The core proposal is simple: let the student generate the trajectory, let a verifier score whether the trajectory succeeded, and use teacher logits only as dense guidance inside that verified frame.

That gives you the locality of on-policy learning, the density of distillation, and a cleaner answer to the credit-assignment problem than a single end-of-trajectory reward can provide.

The distribution question

Every post-training method is a choice about where probability mass should move.

SFT

Pulls the model toward a fixed external dataset. Strong for task format and cold-start behavior, but broad token pressure can damage older capabilities.

RL

Updates from the model's own samples, which keeps learning local to the policy it already visits, but the reward signal is usually sparse.

On-policy distillation

Keeps on-policy locality while adding dense teacher supervision on the prefixes the student actually produced.

Core algorithm

Verifier-Calibrated On-Policy Distillation

Sample from the student, score with a verifier, use teacher logits as dense hints, clip dangerous updates, and replay older skills on-policy so the model learns from the states it actually visits.

1. Use a small amount of SFT only for task shape

If the base model cannot follow the task interface, teach the format first with a short, low-learning-rate SFT pass. Do not use this phase to force deep capability transfer.

2. Generate rollouts from the current student

For each prompt, sample multiple completions from the current student policy. The point is to train on the states the student really visits, including imperfect prefixes.

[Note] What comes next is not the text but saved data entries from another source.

(* The proof is a discrete maximum principle for w = û^l - v̂^l.  Solutions
   are nonnegative and segregated (at an interior vertex at most one
   component is positive), so û^l is read off the equation as H̃(mean û^l) - f_l
   where u^l > 0 and is bounded below by that expression elsewhere; here H̃ is
   the odd extension of H, nondecreasing and 1-Lipschitz.  Hence, at an interior
   vertex where v^l < u^l, monotonicity of f_l gives
   w <= H̃(mean û^l) - H̃(mean v̂^l), which is <= mean w when that difference
   is nonnegative and <= 0 otherwise.  A positive maximum of w attained only
   where v^l < u^l would thus spread to all neighbours and, by connectedness,
   reach a boundary vertex, where u = v and w = 0. *)
From HB Require Import structures.
From mathcomp Require Import all_boot all_order all_algebra.
From mathcomp Require Import all_classical all_reals all_analysis.
From mathcomp Require Import lra.
Import Order.TTheory GRing.Theory Num.Theory.
Import numFieldNormedType.Exports.
Local Open Scope ring_scope.

Section GraphDistance.
Context {V : finType} (e : rel V).

Lemma walkn_path x p : path e x p -> walkn e (size p) x (last x p).
Proof.
elim: p x => [|y p IHp] x /=; first by rewrite eqxx.
by case/andP=> exy pxy; apply/existsP; exists y; rewrite exy IHp.
Qed.
(* Let $A=\{z\in\mathbb{C}:\operatorname{Re}z>0\}$. Let $Q_0$ be a function holomorphic in $A$ and $Q_1$ a polynomial in one complex variable. If $Q_0(w)+vQ_1(w)\ne0$ for all $v,w\in A$, then either $S(z)=Q_0(z)+Q_1'(z)\ne0$ for all $z\in A$, or $S\equiv0$ on $A$. *)

From Stdlib Require Import Reals.
From Coquelicot Require Export Coquelicot.
Open Scope R_scope.

Definition right_half_plane (z : C) : Prop := 0 < Re z.

Definition C_differentiable (f : C -> C) (z : C) : Prop :=
  @ex_derive C_AbsRing C_NormedModule f z.

Definition holomorphic_on (D : C -> Prop) (f : C -> C) : Prop :=
  forall z, D z -> C_differentiable f z.

Definition is_C_polynomial (P : C -> C) : Prop :=
  exists (n : nat) (a : nat -> C),
    forall z : C, P z = @sum_n C_Ring (fun k => mult (a k) (pow_n z k)) n.

(* Factor [Q1 = lc * prod (z - r_i)]. Since [- Q0 w / Q1 w] never lies in the half-plane
   [A], [Re (Q0 conj Q1) >= 0] on [A].
   - [Q1] has no root [r] in [A]: there [Q0 r <> 0], and [Q1 ~ (z - r)^m q r] near [r], so
     moving from [r] in a direction [d] with [d^m = - Q0 r / q r] makes [Re (Q0 conj Q1)]
     negative.
   - If [Q1 = lc <> 0] is constant then [S = Q0], and [Q0 * conj lc] is holomorphic with
     nonnegative real part on [A]; if it vanishes somewhere it vanishes everywhere, by the
     minimum principle for harmonic functions. The latter follows from the mean value
     property on circles, which is proved with Goursat's bisection argument applied to the
     integral of [f(z) dz / (z - z0)] around polar rectangles.
   - Otherwise every [r_i] has [Re r_i <= 0], so [Re (Q1' conj Q1) = |Q1|^2 sum Re (1/(z - r_i))]
     is positive on [A], whence [Re (S conj Q1) > 0].
   - If [Q1 = 0] then [S = Q0] and [Q0 w = Q0 w + 1 * Q1 w <> 0]. *)

From Stdlib Require Import Reals Lra Lia List Classical.
From Coquelicot Require Import Coquelicot.
From mathcomp Require ssreflect ssrfun ssrbool eqtype ssrnat seq fintype bigop ssralg poly.
From mathcomp Require Rstruct complex.
Open Scope R_scope.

3. Score each rollout with a verifier

Use a reward that checks true task success. For code repair, the verifier should reward passing tests while penalizing unnecessary rewrites, extra complexity, and unrelated edits.

4. Query the teacher on the student's trajectory

Run the teacher on each student prefix and collect token logits as dense hints. The teacher can be a stronger model, a specialist model, or the same model with privileged context.

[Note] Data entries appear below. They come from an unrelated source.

Lemma split_idx m i : (i < m + m)%nat -> (i < m)%nat \/ exists i', i = (m + i')%nat /\ (i' < m)%nat.
Proof. intros H. destruct (Nat.lt_ge_cases i m); [left; auto| right; exists (i - m)%nat; split; lia]. Qed.

Lemma rate_ratio_bound s c c1 E : c <= c1 < 1 -> Rabs s <= 1 ->
  Rabs (s * / (1 - c) * E) <= / (1 - c1) * Rabs E.
Proof. intros Hc Hs.
  assert (P : 0 < / (1 - c)) by (apply Rinv_0_lt_compat; lra).
  assert (Le : / (1 - c) <= / (1 - c1)) by (apply Rinv_le_contravar; lra).
  pose proof (Rabs_pos E).
  rewrite !Rabs_mult, (Rabs_pos_eq (/ (1 - c))) by lra.
  apply Rmult_le_compat_r; auto.
  replace (/ (1 - c1)) with (1 * / (1 - c1)) by ring.
  apply Rmult_le_compat; auto; [apply Rabs_pos| lra].
Qed.

(* The time pi (2k - 1) = 2 b^2 (2k - 1) is computed from k, and the result
   is the second half Y2 of the state. *)
Definition time_e (m : nat) : expr :=
  Mul (Mul (Add One One) (Mul Bconst Bconst)) (Add (Mul (Add One One) (Var m)) MinusOne).
Definition time_fn (m : nat) : PF := compile_vec full_env (S m) (map Var (seq 0 m) ++ [time_e m]).
Definition second_half (m : nat) : PF :=
  compile_vec full_env (m + m) (map (fun i => Var (m + i)) (seq 0 m)).

Lemma time_fn_ok m : RRec (S m) (S m) (time_fn m) /\
  forall v t, length v = m -> time_fn m (v ++ [t]) (v ++ [PI * (2 * t - 1)]).
Proof.
  assert (W : forall e, In e (map Var (seq 0 m) ++ [time_e m]) -> wf_expr (S m) e).
  { intros e H. apply in_app_or in H. destruct H as [H|[<-|[]]].
    - apply in_map_seq in H. destruct H as (i & Hi & ->). simpl; lia.
    - simpl. repeat split; lia. }
  destruct (compile_vec_ok full_env (S m) _ full_env_ok W) as [A B].
  rewrite length_app, length_map, length_seq in A. simpl in A. replace (m + 1)%nat with (S m) in A by lia.
  split; auto. intros v t Hv.
  replace (v ++ [PI * (2 * t - 1)]) with (map (fun e => eval full_env e (v ++ [t])) (map Var (seq 0 m) ++ [time_e m])).
  - apply B; [rewrite len_app1; auto|]. intros e H. apply in_app_or in H.
    destruct H as [H|[<-|[]]]; [apply in_map_seq in H; destruct H as (i & _ & ->)|]; simpl; auto.
  - rewrite map_app, map_map. simpl. f_equal.
    + apply nth_ext with 0 0; [rewrite length_map, length_seq; auto|].
      intros n Hn. rewrite length_map, length_seq in Hn.
      rewrite (nth_map_d _ _ 0%nat) by (rewrite length_seq; auto). rewrite seq_nth by auto. simpl.
      apply app_nth1; lia.
    + f_equal. rewrite <- Hv, nth_app_len. rewrite <- b_val_pi. simpl. ring.
Qed.

Lemma second_half_ok m : RRec (m + m) m (second_half m) /\ forall Yy, length Yy = (m + m)%nat ->
  second_half m Yy (map (fun i => nth (m + i) Yy 0) (seq 0 m)).
Proof.
  assert (W : forall e, In e (map (fun i => Var (m + i)) (seq 0 m)) -> wf_expr (m + m) e).
  { intros e H. apply in_map_seq in H. destruct H as (i & Hi & ->). simpl; lia. }
  destruct (compile_vec_ok full_env (m + m) _ full_env_ok W) as [A B].
  rewrite length_map, length_seq in A. split; auto. intros Yy HY.
  replace (map (fun i => nth (m + i) Yy 0) (seq 0 m)) with
    (map (fun e => eval full_env e Yy) (map (fun i => Var (m + i)) (seq 0 m))).
  - apply B; auto. intros e H. apply in_map_seq in H. destruct H as (i & _ & ->). simpl; auto.
  - rewrite map_map. reflexivity.
Qed.


(* Its right-hand side reads the input
   u = v ++ t :: Y1 ++ Y2 (length m + 1 + 2m) extended by fp = f(P), where
   the evaluation point is P = theta Y1 + (1 - theta) Y2 and
   theta = [sin t >= 0] (index of t is m, of Y1_i is m+1+i, of Y2_i is
   m+1+(m+i), of fp_i is m+1+(m+m)+i):
     Y1_i' = (1 - theta) sin t (Y1_i - Y2_i) / (1 - cos t),
     Y2_i' = theta sin t (fp_i - Y1_i) / 2. *)

Definition S_ (m : nat) : expr := Sin (Var m).
Definition C_ (m : nat) : expr := Cos (Var m).
Definition theta_e (m : nat) : expr :=
  Mul (Inv (Add One One)) (Add One (Mul MinusOne (Add (Sig (Mul MinusOne (S_ m))) (Mul MinusOne (S_ m))))).
Definition co_theta_e (m : nat) : expr := Add One (Mul MinusOne (theta_e m)).
Definition rhs_lo_e (m i : nat) : expr :=
  Mul (co_theta_e m) (Mul (S_ m) (Mul (Add (Var (m+1+i)) (Mul MinusOne (Var (m+1+(m+i)))))
   (Inv (Add One (Mul MinusOne (C_ m)))))).
Definition rhs_hi_e (m i : nat) : expr :=
  Mul (theta_e m) (Mul (S_ m) (Mul (Add (Var (m+1+(m+m)+i)) (Mul MinusOne (Var (m+1+i))))
   (Inv (Add One One)))).
Definition point_e (m i : nat) : expr :=
  Add (Mul (theta_e m) (Var (m+1+i))) (Mul (co_theta_e m) (Var (m+1+(m+i)))).
Definition rhs_exprs (m : nat) : list expr := map (rhs_lo_e m) (seq 0 m) ++ map (rhs_hi_e m) (seq 0 m).
Definition point_exprs (m : nat) : list expr := map (point_e m) (seq 0 m).
Definition init_exprs (m : nat) : list expr := map Var (seq 0 m) ++ map Var (seq 0 m).

Definition theta (s : R) : R := / (1 + 1) * (1 + -1 * (sig_val (-1 * s) + -1 * s)).
Lemma theta_nonneg s : 0 <= s -> theta s = 1.
Proof. intros H. unfold theta, sig_val. destruct (Rlt_dec 0 (-1 * s)); [lra|]. field. Qed.
Lemma theta_neg s : s < 0 -> theta s = 0.
Proof. intros H. unfold theta, sig_val. destruct (Rlt_dec 0 (-1 * s)); [|lra]. field. Qed.

Lemma eval_rhs_lo m i z : eval full_env (rhs_lo_e m i) z =
  (1 + -1 * theta (sin (nth m z 0))) * (sin (nth m z 0) *
    ((nth (m+1+i) z 0 + -1 * nth (m+1+(m+i)) z 0) * / (1 + -1 * cos (nth m z 0)))).
Proof. reflexivity. Qed.
Lemma eval_rhs_hi m i z : eval full_env (rhs_hi_e m i) z =
  theta (sin (nth m z 0)) * (sin (nth m z 0) *
    ((nth (m+1+(m+m)+i) z 0 + -1 * nth (m+1+i) z 0) * / (1 + 1))).
Proof. reflexivity. Qed.
Lemma eval_point m i z : eval full_env (point_e m i) z =
  theta (sin (nth m z 0)) * nth (m+1+i) z 0 + (1 + -1 * theta (sin (nth m z 0))) * nth (m+1+(m+i)) z 0.
Proof. reflexivity. Qed.

Lemma rhs_exprs_len m : length (rhs_exprs m) = (m + m)%nat.
Proof. unfold rhs_exprs. rewrite length_app, !length_map, length_seq; auto. Qed.
Lemma point_exprs_len m : length (point_exprs m) = m.
Proof. unfold point_exprs. rewrite length_map, length_seq; auto. Qed.
Lemma init_exprs_len m : length (init_exprs m) = (m + m)%nat.
Proof. unfold init_exprs. rewrite length_app, length_map, length_seq; auto. Qed.

Lemma rhs_exprs_wf m : forall e, In e (rhs_exprs m) -> wf_expr (m + 1 + (m + m) + m) e.
Proof. intros e H. unfold rhs_exprs in H. apply in_app_or in H.
  destruct H as [H|H]; apply in_map_seq in H; destruct H as (i & Hi & ->); simpl; repeat split; lia. Qed.
Lemma point_exprs_wf m : forall e, In e (point_exprs m) -> wf_expr (m + 1 + (m + m)) e.
Proof. intros e H. apply in_map_seq in H; destruct H as (i & Hi & ->); simpl; repeat split; lia. Qed.
Lemma init_exprs_wf m : forall e, In e (init_exprs m) -> wf_expr m e.
Proof. intros e H. apply in_app_or in H.
  destruct H as [H|H]; apply in_map_seq in H; destruct H as (i & Hi & ->); simpl; lia. Qed.

(* sin and cos are only applied to the time, which is nonnegative. *)
Lemma rhs_exprs_defined m z : 0 <= nth m z 0 -> forall e, In e (rhs_exprs m) -> defined_at full_env e z.
Proof. intros Hz e H. unfold rhs_exprs in H. apply in_app_or in H.
  destruct H as [H|H]; apply in_map_seq in H; destruct H as (i & Hi & ->); simpl; tauto. Qed.
Lemma point_exprs_defined m z : 0 <= nth m z 0 -> forall e, In e (point_exprs m) -> defined_at full_env e z.
Proof. intros Hz e H. apply in_map_seq in H; destruct H as (i & Hi & ->); simpl; tauto. Qed.
Lemma init_exprs_defined m z : forall e, In e (init_exprs m) -> defined_at full_env e z.
Proof. intros e H. apply in_app_or in H.
  destruct H as [H|H]; apply in_map_seq in H; destruct H as (i & _ & ->); simpl; auto. Qed.

Section Iteration.
Variable m : nat.
Variable f : PF.
Hypothesis Hm : (1 <= m)%nat.
Hypothesis Hf : RRec m m f.

Notation rhs_arity := (m + 1 + (m + m))%nat.

(* A chosen value of f, to describe the right-hand side as a function. *)
Definition fsel (x : list R) : list R := epsilon (inhabits []) (fun w => f x w).
Lemma fsel_spec x w : f x w -> f x (fsel x) /\ w = fsel x.
Proof. intros H. assert (H' : f x (fsel x)) by (apply (epsilon_spec (inhabits []) (fun w => f x w)); eauto).
  split; auto. apply (proj2 (RRec_is_fun _ _ _ Hf) _ _ _ H H'). Qed.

5. Calibrate token updates with outcome success

Do not blindly imitate the teacher's style preferences. Use verifier success to decide where dense teacher guidance is allowed to shape the student update.

6. Clip aggressive token pressure

Bound the influence of teacher logits and use trust-region style clipping so one high-KL stylistic token does not yank the student policy far off course.

7. Replay older skills on-policy

Mix in prior tasks and sample them from the current student as well. This keeps retention grounded in the same distributional logic instead of replaying only static historical demonstrations.

Why this matters

SFT often forgets because every demonstrated token becomes a target, whether it was task-critical or incidental. A style token, a formatting habit, and a genuinely decisive reasoning step can all receive the same direct gradient pressure.

RL forgets less because the model trains on its own samples, but outcome rewards are sparse. The model learns which completions won, not always which internal token decisions were the ones that mattered.

Plain distillation is dense but can over-teach style. A strong teacher might have large token-level preferences around phrases, formatting, or reasoning cadence that are not actually responsible for task success. That is why verifier calibration is the key move.

Guardrails

Dense teacher guidance only helps when the surrounding loop is honest.

Teacher logits are not the same thing as task importance. High KL can be style, not substance.

The verifier must reward the thing you actually want. A weak verifier will miscalibrate the whole loop.

Training only on teacher trajectories leaves the student unprepared for its own mistakes.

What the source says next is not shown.